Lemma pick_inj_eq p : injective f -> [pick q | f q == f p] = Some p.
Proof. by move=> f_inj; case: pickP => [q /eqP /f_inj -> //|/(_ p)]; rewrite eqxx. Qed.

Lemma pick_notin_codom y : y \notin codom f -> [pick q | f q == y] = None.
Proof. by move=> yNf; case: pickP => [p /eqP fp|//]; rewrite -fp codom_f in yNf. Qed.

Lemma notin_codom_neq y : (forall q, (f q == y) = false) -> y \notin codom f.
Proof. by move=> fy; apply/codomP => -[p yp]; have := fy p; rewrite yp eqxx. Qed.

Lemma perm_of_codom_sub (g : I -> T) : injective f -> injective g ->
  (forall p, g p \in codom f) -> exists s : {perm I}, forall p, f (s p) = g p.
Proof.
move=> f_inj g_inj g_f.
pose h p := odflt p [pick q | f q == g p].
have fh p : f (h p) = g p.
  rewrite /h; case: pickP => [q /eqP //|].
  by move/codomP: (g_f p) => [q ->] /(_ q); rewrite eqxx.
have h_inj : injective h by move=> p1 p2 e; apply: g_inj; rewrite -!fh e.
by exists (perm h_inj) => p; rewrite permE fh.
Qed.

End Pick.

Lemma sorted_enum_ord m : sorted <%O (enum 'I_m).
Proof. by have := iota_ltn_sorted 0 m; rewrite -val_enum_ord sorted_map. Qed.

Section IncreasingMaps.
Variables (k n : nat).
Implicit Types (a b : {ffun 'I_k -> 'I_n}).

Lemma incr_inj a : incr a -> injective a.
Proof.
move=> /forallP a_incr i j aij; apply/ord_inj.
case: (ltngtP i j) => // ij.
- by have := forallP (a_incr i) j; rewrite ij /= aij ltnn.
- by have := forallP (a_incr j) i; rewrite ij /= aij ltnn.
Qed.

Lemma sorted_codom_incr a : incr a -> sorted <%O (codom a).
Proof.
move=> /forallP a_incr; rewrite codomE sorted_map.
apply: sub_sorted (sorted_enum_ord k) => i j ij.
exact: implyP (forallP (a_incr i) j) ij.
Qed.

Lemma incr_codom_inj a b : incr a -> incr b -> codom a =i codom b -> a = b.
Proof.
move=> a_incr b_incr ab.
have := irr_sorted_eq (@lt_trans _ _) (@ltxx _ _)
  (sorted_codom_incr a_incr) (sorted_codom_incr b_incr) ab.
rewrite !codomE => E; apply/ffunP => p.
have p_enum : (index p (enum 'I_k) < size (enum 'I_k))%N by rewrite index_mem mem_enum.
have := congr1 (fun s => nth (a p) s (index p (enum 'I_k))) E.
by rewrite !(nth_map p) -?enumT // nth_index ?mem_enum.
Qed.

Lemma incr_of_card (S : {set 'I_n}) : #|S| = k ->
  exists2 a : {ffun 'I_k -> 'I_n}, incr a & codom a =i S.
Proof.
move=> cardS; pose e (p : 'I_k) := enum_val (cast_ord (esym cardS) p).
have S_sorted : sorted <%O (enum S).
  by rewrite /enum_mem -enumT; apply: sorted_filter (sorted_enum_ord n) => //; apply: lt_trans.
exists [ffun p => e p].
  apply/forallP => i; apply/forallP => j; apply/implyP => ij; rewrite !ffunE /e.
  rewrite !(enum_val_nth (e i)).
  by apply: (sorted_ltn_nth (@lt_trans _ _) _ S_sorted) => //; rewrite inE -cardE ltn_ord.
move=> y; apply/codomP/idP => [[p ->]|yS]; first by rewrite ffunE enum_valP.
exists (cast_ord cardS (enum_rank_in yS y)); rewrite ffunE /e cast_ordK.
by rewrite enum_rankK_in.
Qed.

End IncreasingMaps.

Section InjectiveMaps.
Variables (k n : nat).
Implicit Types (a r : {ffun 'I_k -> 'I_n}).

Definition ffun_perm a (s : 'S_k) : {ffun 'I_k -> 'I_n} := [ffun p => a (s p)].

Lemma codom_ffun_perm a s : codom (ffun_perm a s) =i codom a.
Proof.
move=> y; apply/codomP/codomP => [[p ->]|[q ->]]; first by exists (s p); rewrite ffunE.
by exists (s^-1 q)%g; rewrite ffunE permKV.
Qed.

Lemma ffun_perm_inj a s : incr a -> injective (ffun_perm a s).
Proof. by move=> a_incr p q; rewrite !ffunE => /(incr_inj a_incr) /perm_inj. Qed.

Goal of the exercise – Show every line above where "pose" is found.

Reply –
pose h p := odflt p [pick q | f q == g p].
move=> cardS; pose e (p : 'I_k) := enum_val (cast_ord (esym cardS) p).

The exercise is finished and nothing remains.